Le plus tôt possible, idéalement dès le premier mois de la période d’observation. En effet, l’instruction d’un dossier en procédure collective prend plus de temps qu’un dossier standard. Comptez entre cinq et quinze jours ouvrés selon les compagnies interrogées. Ainsi, une recherche lancée deux mois avant l’échéance évite toute interruption de garantie.
Quel est le tarif d’une assurance commerce en redressement judiciaire ?
Comptez entre 650 et 1 300 € par an pour une petite boutique, et de 1 000 à 1 800 € pour un commerce alimentaire. Les magasins à fort stock montent au-delà. AGS Assurance interroge plusieurs compagnies en parallèle et vous restitue une comparaison claire. Le devis est gratuit et sans engagement. Vous choisissez ensuite en connaissance de cause.
Pourquoi passer par un courtier comme AGS Assurance ?
AGS Assurance est un courtier indépendant spécialisé dans les profils dits atypiques : entreprises en redressement judiciaire, sociétés résiliées ou dossiers marqués par la sinistralité. De ce fait, nous accédons à des marchés fermés au grand public, en France comme à l’étranger. Par ailleurs, nous construisons l’argumentaire technique qui valorise votre dossier auprès des souscripteurs. L’ensemble du service reste gratuit pour l’assuré.
Conclusion
L’assurance commerce redressement judiciaire ne relève pas du confort. Elle conditionne la survie même de votre plan de redressement. En effet, un incendie ou un vol non indemnisé pendant la période d’observation entraîne presque mécaniquement la conversion en liquidation. Votre boutique, votre stock et votre responsabilité envers les clients restent pleinement exposés.

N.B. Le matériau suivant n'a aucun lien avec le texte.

(* Let $r_0\in\mathbb{R}^7$ and let $\vartheta:\mathbb{R}^7\times\mathbb{R}^2\to\mathbb{R}$ be a function such that (i) for every $z=(z_1,z_2)\in\mathbb{R}^2$: $\vartheta(r_0,z)\le 0$ if and only if there exist $t_f\in[0,\infty)$ and $(\mathbf r,\mathbf u)\in\Pi^{\mathcal K,\mathcal C}_{r_0,t_f}$ with $J_1(\mathbf r(1),t_f)\le z_1$ and $J_2(\mathbf r(1),t_f)\le z_2$; (ii) for all $z,z'\in\mathbb{R}^2$ with $z\le z'$ (componentwise), $\vartheta(r_0,z)\ge\vartheta(r_0,z')$. Let $z^*(r_0)=(z^*_1(r_0),z^*_2(r_0))$ be the utopian point and assume $\Pi^{\mathcal K,\mathcal C}_{r_0,z_2^*(r_0)}\neq\emptyset$. For $\mu=(\mu_1,\mu_2)\in[0,1]^2$ define $$\Theta_{r_0}(\mu):=\inf\Big\{\tau\ge 0\;:\;\vartheta(r_0,z^*(r_0)+\mu\tau)\le 0\ \text{and}\ \tau<\tfrac{m_{\mathrm{prop}}}{\mu_1}\Big\}\in[0,\infty],$$ and $$\Sigma_{r_0}:=\Big\{z^*(r_0)+\mu\,\Theta_{r_0}(\mu)\;:\;\mu\in[0,1]^2,\ \mu_1+\mu_2=1\Big\}.$$ Then every trajectory reconstructed from $\Sigma_{r_0}$ is weakly Pareto optimal: if $z\in\Sigma_{r_0}$, $t_f\in[0,\infty)$ and $(\mathbf r,\mathbf u)\in\Pi^{\mathcal K,\mathcal C}_{r_0,t_f}$ satisfy $J(\mathbf r(1),t_f)\le z$, then there is no $\hat t_f\in[0,\infty)$ and no $(\mathbf x,\mathbf v)\in\Pi^{\mathcal K,\mathcal C}_{r_0,\hat t_f}$ with $J(\mathbf x(1),\hat t_f)<J(\mathbf r(1),t_f)$.
   Context: Fixed data: a rotation rate $\Omega\ge 0$, an exhaust velocity $v_{e}>0$, masses $m_{\mathrm{dry}}>0$, $m_{\mathrm{prop}}>0$ with $m_{\min}:=m_{\mathrm{dry}}$, $m_{\max}:=m_{\mathrm{dry}}+m_{\mathrm{prop}}$, radii $0<\rho_{\min}<\rho_{\max}$, a gravitational potential $U:\mathbb{R}^3\to\mathbb{R}$ with partial derivatives $U_x,U_y,U_z$, and a control set $\mathcal U\subset\mathbb{R}^3$. States are $r=(x,y,z,v_x,v_y,v_z,m)\in\mathbb{R}^7$ and the dynamics are $\tilde f(r,u)=\big(v_x,\ v_y,\ v_z,\ U_x(x,y,z)+\Omega^2x+2\Omega v_y+\tfrac{u_x}{m},\ U_y(x,y,z)+\Omega^2y-2\Omega v_x+\tfrac{u_y}{m},\ U_z(x,y,z)+\tfrac{u_z}{m},\ -\tfrac{\sqrt{u_x^2+u_y^2+u_z^2}}{v_e}\big)$ for $u=(u_x,u_y,u_z)\in\mathcal U$. For $t_f\ge0$ put $f(r,u,t_f):=t_f\,\tilde f(r,u)$ (time rescaled to $[0,1]$). $\mathcal U_{ad}$ is the set of Lebesgue measurable functions with values in $\mathcal U$. $\mathcal K_0:=\{r\in\mathbb{R}^7:\sqrt{x^2+y^2+z^2}\in[\rho_{\min},\rho_{\max}],\ m\in(m_{\min},m_{\max}]\}$ and $\mathcal K:=\{r\in\mathcal K_0:\exists u\in\mathcal U,\ \tilde f(r,u)\cdot\eta_r<0\}$, where $\eta_r$ is the exterior normal to $\mathcal K$ at $r$. Given $r_{\mathrm{target}}\in\mathbb{R}^7$ and $\epsilon>0$, $\mathcal C:=\{r\in\mathcal K:|r_{\mathrm{target}}-r|<\epsilon\}$, assumed nonempty and closed. $\Pi_{r_0,t_f}$ is the set of pairs $(\mathbf r,\mathbf u)$ with $\mathbf r\in W^{1,1}([0,1];\mathbb{R}^7)$, $\mathbf u\in\mathcal U_{ad}$, $\dot{\mathbf r}(s)=f(\mathbf r(s),\mathbf u(s),t_f)$ for $s\in[0,1]$, $\mathbf r(0)=r_0$. $\Pi^{\mathcal K,\mathcal C}_{r_0,t_f}$ is the subset with $\mathbf r(s)\in\mathcal K$ for all $s\in[0,1]$ and $\mathbf r(1)$ in the interior of $\mathcal C$. $\pi:=\{(r_0,t_f)\in\mathcal K\times[0,\infty):\Pi^{\mathcal K,\mathcal C}_{r_0,t_f}\ne\emptyset\}$. Objectives: $J(r_f,t_f)=(J_1,J_2)$ with $J_1(r_f,t_f):=-(r_f)_7$ (minus the final mass) and $J_2(r_f,t_f):=t_f$. Vector order: $a\le b$ iff $a_i\le b_i$ for all $i$; $a<b$ iff $a_i<b_i$ for all $i$. Utopian point: $z_i^*(r_0):=\inf\{J_i(\mathbf r(1),t_f): (r_0,t_f)\in\pi,\ (\mathbf r,\mathbf u)\in\Pi^{\mathcal K,\mathcal C}_{r_0,t_f}\}$, $i=1,2$. *)

From mathcomp Require Import all_boot all_algebra all_classical all_reals all_analysis.
Import GRing.Theory Num.Theory.
Set Implicit Arguments. Unset Strict Implicit. Unset Printing Implicit Defensive.
Local Open Scope ring_scope.
Local Open Scope classical_set_scope.

(* Domain type of the completed Lebesgue measure on R (Lebesgue sigma-algebra). *)
Definition LebT (R : realType) : measurableType _ :=
  ltac:(let t := type of (@completed_lebesgue_measure R) in
        match t with set ?T -> _ => exact T end).

Section Defs.
Variable R : realType.

Record data := Data {
  Om : R;
  ve : R;
  mdry : R; mprop : R;
  rhomin : R; rhomax : R;
  Upot : R -> R -> R -> R;
  Uset : set 'rV[R]_3;
  rtarget : 'rV[R]_7;
  eps : R
}.

Variable P : data.

Definition mmin := mdry P.
Definition mmax := mdry P + mprop P.

(* components of a state r = (x,y,z,vx,vy,vz,m), indices 0..6 *)
Definition cmp {n} (r : 'rV[R]_n.+1) (k : nat) : R := r 0 (inord k).

Definition dotp {n} (a b : 'rV[R]_n) : R := \sum_i a 0 i * b 0 i.
Definition enorm {n} (a : 'rV[R]_n) : R := Num.sqrt (dotp a a).

Definition Ux (x y z : R) : R := 'D_1 (fun a => Upot P a y z) x.
Definition Uy (x y z : R) : R := 'D_1 (fun a => Upot P x a z) y.
Definition Uz (x y z : R) : R := 'D_1 (fun a => Upot P x y a) z.

Definition ftilde (r : 'rV[R]_7) (u : 'rV[R]_3) : 'rV[R]_7 :=
  let x := cmp r 0 in let y := cmp r 1 in let z := cmp r 2 in
  let vx := cmp r 3 in let vy := cmp r 4 in let vz := cmp r 5 in
  let m := cmp r 6 in
  let ux := cmp u 0 in let uy := cmp u 1 in let uz := cmp u 2 in
  \row_(i < 7) nth 0
    [:: vx; vy; vz;
        Ux x y z + Om P ^+ 2 * x + 2 * Om P * vy + ux / m;
        Uy x y z + Om P ^+ 2 * y - 2 * Om P * vx + uy / m;
        Uz x y z + uz / m;
        - (Num.sqrt (ux ^+ 2 + uy ^+ 2 + uz ^+ 2)) / ve P] i.

Definition fdyn (r : 'rV[R]_7) (u : 'rV[R]_3) (tf : R) : 'rV[R]_7 :=
  tf *: ftilde r u.

Definition rho (r : 'rV[R]_7) : R :=
  Num.sqrt (cmp r 0 ^+ 2 + cmp r 1 ^+ 2 + cmp r 2 ^+ 2).

Definition K0 (r : 'rV[R]_7) : Prop :=
  rhomin P <= rho r <= rhomax P /\ mmin < cmp r 6 <= mmax.

(* exterior unit normals of the active boundary faces of K0 at r *)
Definition ext_normal (r : 'rV[R]_7) (eta : 'rV[R]_7) : Prop :=
  (rho r = rhomax P /\
     eta = \row_(i < 7) nth 0 [:: cmp r 0 / rho r; cmp r 1 / rho r;
                                  cmp r 2 / rho r; 0; 0; 0; 0] i) \/
  (rho r = rhomin P /\
     eta = \row_(i < 7) nth 0 [:: - (cmp r 0 / rho r); - (cmp r 1 / rho r);
                                  - (cmp r 2 / rho r); 0; 0; 0; 0] i) \/
  (cmp r 6 = mmax /\ eta = \row_(i < 7) nth 0 [:: 0; 0; 0; 0; 0; 0; 1] i).

Definition Kset (r : 'rV[R]_7) : Prop :=
  K0 r /\ exists2 u, Uset P u &
    forall eta, ext_normal r eta -> dotp (ftilde r u) eta < 0.

Definition Cset (r : 'rV[R]_7) : Prop :=
  Kset r /\ enorm (rtarget P - r) < eps P.

Definition Cinterior (r : 'rV[R]_7) : Prop :=
  exists2 d : R, 0 < d & forall y, enorm (y - r) < d -> Cset y.

Definition Cclosed : Prop :=
  forall y, (forall d : R, 0 < d -> exists2 c, Cset c & enorm (c - y) < d) ->
    Cset y.

Definition itv01 : set (LebT R) := `[0%R, 1%R].

Definition admissible (u : R -> 'rV[R]_3) : Prop :=
  (forall s, 0 <= s <= 1 -> Uset P (u s)) /\
  forall j : 'I_3, measurable_fun itv01 ((fun s => u s 0 j) : LebT R -> R).

(* (r,u) in Pi_{r0,tf}: r in W^{1,1}([0,1]) solves r' = f(r,u,tf) a.e.
   with r(0) = r0, written in the equivalent integral (Caratheodory) form *)
Definition Pi (r0 : 'rV[R]_7) (tf : R) (r : R -> 'rV[R]_7)
    (u : R -> 'rV[R]_3) : Prop :=
  admissible u /\
  (forall i : 'I_7, (@completed_lebesgue_measure R).-integrable itv01
      (fun s => (fdyn (r s) (u s) tf 0 i)%:E)) /\
  forall s, 0 <= s <= 1 -> forall i : 'I_7,
    r s 0 i = r0 0 i + Rintegral (@completed_lebesgue_measure R)
                          (`[0%R, s] : set (LebT R))
                          (fun t => fdyn (r t) (u t) tf 0 i).

Definition PiKC (r0 : 'rV[R]_7) (tf : R) (r : R -> 'rV[R]_7)
    (u : R -> 'rV[R]_3) : Prop :=
  Pi r0 tf r u /\ (forall s, 0 <= s <= 1 -> Kset (r s)) /\ Cinterior (r 1).

Definition J1 (rf : 'rV[R]_7) (tf : R) : R := - cmp rf 6.
Definition J2 (rf : 'rV[R]_7) (tf : R) : R := tf.

Definition zstar1 (r0 : 'rV[R]_7) : R :=
  inf [set w : R | exists tf r u,
         [/\ 0 <= tf, PiKC r0 tf r u & w = J1 (r 1) tf]].
Definition zstar2 (r0 : 'rV[R]_7) : R :=
  inf [set w : R | exists tf r u,
         [/\ 0 <= tf, PiKC r0 tf r u & w = J2 (r 1) tf]].

(* Theta_{r0}(mu) in [0, +oo]; the constraint tau < mprop/mu1 is written
   mu1 * tau < mprop (mprop/0 = +oo) *)
Definition Theta (vt : 'rV[R]_7 -> R * R -> R) (r0 : 'rV[R]_7)
    (mu1 mu2 : R) : \bar R :=
  ereal_inf [set tau%:E | tau in
    [set tau : R | 0 <= tau /\
       vt r0 (zstar1 r0 + mu1 * tau, zstar2 r0 + mu2 * tau) <= 0 /\
       mu1 * tau < mprop P]].

(* Sigma_{r0} subset of R^2 (points with Theta = +oo are not in R^2) *)
Definition Sigma (vt : 'rV[R]_7 -> R * R -> R) (r0 : 'rV[R]_7) : set (R * R) :=
  [set z | exists mu1 mu2 : R,
     [/\ 0 <= mu1 <= 1, 0 <= mu2 <= 1, mu1 + mu2 = 1,
         (z.1)%:E = ((zstar1 r0)%:E + mu1%:E * Theta vt r0 mu1 mu2)%E &
         (z.2)%:E = ((zstar2 r0)%:E + mu2%:E * Theta vt r0 mu1 mu2)%E]].

End Defs.

From mathcomp Require Import all_boot all_algebra all_classical all_reals all_analysis.
From mathcomp Require Import lra.
Import order.Order.TTheory GRing.Theory Num.Theory.
Set Implicit Arguments. Unset Strict Implicit.
Local Open Scope ring_scope.
Local Open Scope classical_set_scope.

(* Suppose x strictly dominates a trajectory r with J(r) <= z* + mu Theta(mu).
   Since z* <= J(x), the point J(x) lies in the box [z*, z* + mu Theta(mu)),
   so the ray z* + mu t reaches J(x) at some time t < Theta(mu).  By (i), J(x)
   is attainable, so the ray point at time t is feasible, contradicting the
   minimality of Theta(mu). *)

Lemma ray_reaches_box (R : realFieldType) (a1 a2 w1 w2 m1 m2 th : R) :
  0 <= m1 -> 0 <= m2 -> a1 <= w1 -> a2 <= w2 ->
  w1 < a1 + m1 * th -> w2 < a2 + m2 * th ->
  exists t, [/\ 0 <= t, t < th, w1 <= a1 + m1 * t & w2 <= a2 + m2 * t].
Proof.
move=> m10 m20 aw1 aw2 wth1 wth2.
have m_gt0 (a w m : R) : 0 <= m -> a <= w -> w < a + m * th -> 0 < m.
  move=> m0 aw wth; rewrite lt_neqAle m0 andbT eq_sym.
  by apply: contraTneq wth => ->; rewrite mul0r addr0 -leNgt.
have m1p := m_gt0 _ _ _ m10 aw1 wth1.
have m2p := m_gt0 _ _ _ m20 aw2 wth2.
have reach (a w m t : R) : 0 < m -> (w <= a + m * t) = ((w - a) / m <= t).
  by move=> mp; rewrite ler_pdivrMr // mulrC lerBlDl.
exists (Num.max ((w1 - a1) / m1) ((w2 - a2) / m2)); split.
- by rewrite le_max divr_ge0 ?subr_ge0.
- by rewrite gt_max !ltr_pdivrMr // !(mulrC th) !ltrBlDl wth1 wth2.
- by rewrite reach // le_max lexx.
- by rewrite reach // le_max lexx orbT.
Qed.

Section Utopia.
Variables (R : realType) (P : data R) (r0 : 'rV[R]_7).

Lemma zstar1_le_J1 (tf : R) x v :
  0 <= tf -> PiKC P r0 tf x v -> zstar1 P r0 <= J1 (x 1) tf.
Proof.
move=> tf0 hx; apply: ge_inf; last by exists tf, x, v.
exists (- mmax P) => _ [t [y [w [_ [_ [yK _]] ->]]]].
have /yK[[_ /andP[_ y6]] _] : 0 <= (1 : R) <= 1 by rewrite ler01 lexx.
by rewrite /J1 lerN2.
Qed.

Lemma zstar2_le_J2 (tf : R) x v :
  0 <= tf -> PiKC P r0 tf x v -> zstar2 P r0 <= J2 (x 1) tf.
Proof.
move=> tf0 hx; apply: ge_inf; last by exists tf, x, v.
by exists 0 => _ [t [y [w [t0 _ ->]]]].
Qed.

Variable vt : 'rV[R]_7 -> R * R -> R.

Lemma Theta_gt0_below (m1 m2 th t : R) :
  0 <= m1 -> Theta P vt r0 m1 m2 = th%:E -> 0 <= t -> t < th ->
  0 < vt r0 (zstar1 P r0 + m1 * t, zstar2 P r0 + m2 * t).
Proof.
move=> m10 Th t0 tth; rewrite ltNge; apply/negP => vt_le0.
set S := [set tau : R | 0 <= tau /\
  vt r0 (zstar1 P r0 + m1 * tau, zstar2 P r0 + m2 * tau) <= 0 /\
  m1 * tau < mprop P].
have S_lb tau : S tau -> th <= tau.
  by move=> Stau; rewrite -lee_fin -Th; apply: ereal_inf_lbound; exists tau.
have [t' St'] : exists t', S t'.
  apply: contrapT => S0; move: Th; rewrite /Theta -/S.
  suff -> : [set tau%:E | tau in S] = set0 by rewrite ereal_inf0.
  by apply/seteqP; split=> // y [tau Stau _]; apply: S0; exists tau.
have mt : m1 * t < mprop P.
  apply: le_lt_trans St'.2.2; apply: ler_wpM2l => //.
  exact/ltW/(lt_le_trans tth)/S_lb.
by have := S_lb t (conj t0 (conj vt_le0 mt)); rewrite leNgt tth.
Qed.

Lemma Sigma_finite z : Sigma P vt r0 z ->
  exists m1 m2 th, [/\ 0 <= m1, 0 <= m2, Theta P vt r0 m1 m2 = th%:E,
    z.1 = zstar1 P r0 + m1 * th & z.2 = zstar2 P r0 + m2 * th].
Proof.
case=> m1 [m2 [/andP[m10 _] /andP[m20 _] m12 Z1 Z2]]; exists m1, m2.
have m_gt0 : 0 < m1 \/ 0 < m2.
  by case: (ltrgtP 0 m1) => [|?|m0]; [left | lra | right; lra].
case Th: (Theta P vt r0 m1 m2) => [th| |]; rewrite Th in Z1 Z2.
- by exists th; split=> //; apply/EFin_inj; rewrite ?Z1 ?Z2.
- by case: m_gt0 => mp; [move: Z1 | move: Z2]; rewrite gt0_muley.
- by case: m_gt0 => mp; [move: Z1 | move: Z2]; rewrite gt0_muleNy.
Qed.
End Utopia.

Theorem theorem1 (R : realType) (P : data R)
  (hOm : 0 <= Om P) (hve : 0 < ve P) (hmdry : 0 < mdry P) (hmprop : 0 < mprop P)
  (hrho0 : 0 < rhomin P) (hrho : rhomin P < rhomax P) (heps : 0 < eps P)
  (hUx : forall x y z : R, derivable (fun a => Upot P a y z) x 1)
  (hUy : forall x y z : R, derivable (fun a => Upot P x a z) y 1)
  (hUz : forall x y z : R, derivable (fun a => Upot P x y a) z 1)
  (hCne : exists c, Cset P c) (hCcl : Cclosed P)
  (r0 : 'rV[R]_7) (vt : 'rV[R]_7 -> R * R -> R)
  (hi : forall z : R * R, vt r0 z <= 0 <->
          exists tf : R, 0 <= tf /\ exists r u, PiKC P r0 tf r u /\
            J1 (r 1) tf <= z.1 /\ J2 (r 1) tf <= z.2)
  (hii : forall z z' : R * R, z.1 <= z'.1 -> z.2 <= z'.2 -> vt r0 z' <= vt r0 z)
  (hzs : exists r u, PiKC P r0 (zstar2 P r0) r u) :
  forall z, Sigma P vt r0 z ->
  forall (tf : R) r u, 0 <= tf -> PiKC P r0 tf r u ->
    J1 (r 1) tf <= z.1 -> J2 (r 1) tf <= z.2 ->
    ~ (exists (htf : R) x v, 0 <= htf /\ PiKC P r0 htf x v /\
         J1 (x 1) htf < J1 (r 1) tf /\ J2 (x 1) htf < J2 (r 1) tf).
Proof.
move=> z /Sigma_finite[m1 [m2 [th [m10 m20 Th -> ->]]]] tf r u _ _ J1r J2r.
case=> [htf [x [v [htf0 [hx [J1xr J2xr]]]]]].
have [t [t0 tth J1x J2x]] := ray_reaches_box m10 m20
  (zstar1_le_J1 htf0 hx) (zstar2_le_J2 htf0 hx)
  (lt_le_trans J1xr J1r) (lt_le_trans J2xr J2r).
have := Theta_gt0_below m10 Th t0 tth; rewrite ltNge => /negP; apply.
by apply/hi; exists htf; split=> //; exists x, v.
Qed.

La bonne nouvelle tient en une phrase. Des solutions existent, y compris après un refus de renouvellement. Toutefois, elles supposent un dossier construit et des marchés bien choisis. C’est précisément le métier d’un courtier indépendant. AGS Assurance accompagne les commerçants de détail dans cette démarche, du premier échange jusqu’à l’émission de l’attestation destinée à votre bailleur.
N’attendez pas le courrier de non-reconduction pour réagir. Pour connaître vos droits pendant la procédure, consultez les informations officielles publiées sur Service-Public.fr. Par ailleurs, France Assureurs publie des repères utiles sur les garanties des professionnels. Enfin, votre chambre de commerce et d’industrie propose un accompagnement gratuit aux entreprises en difficulté.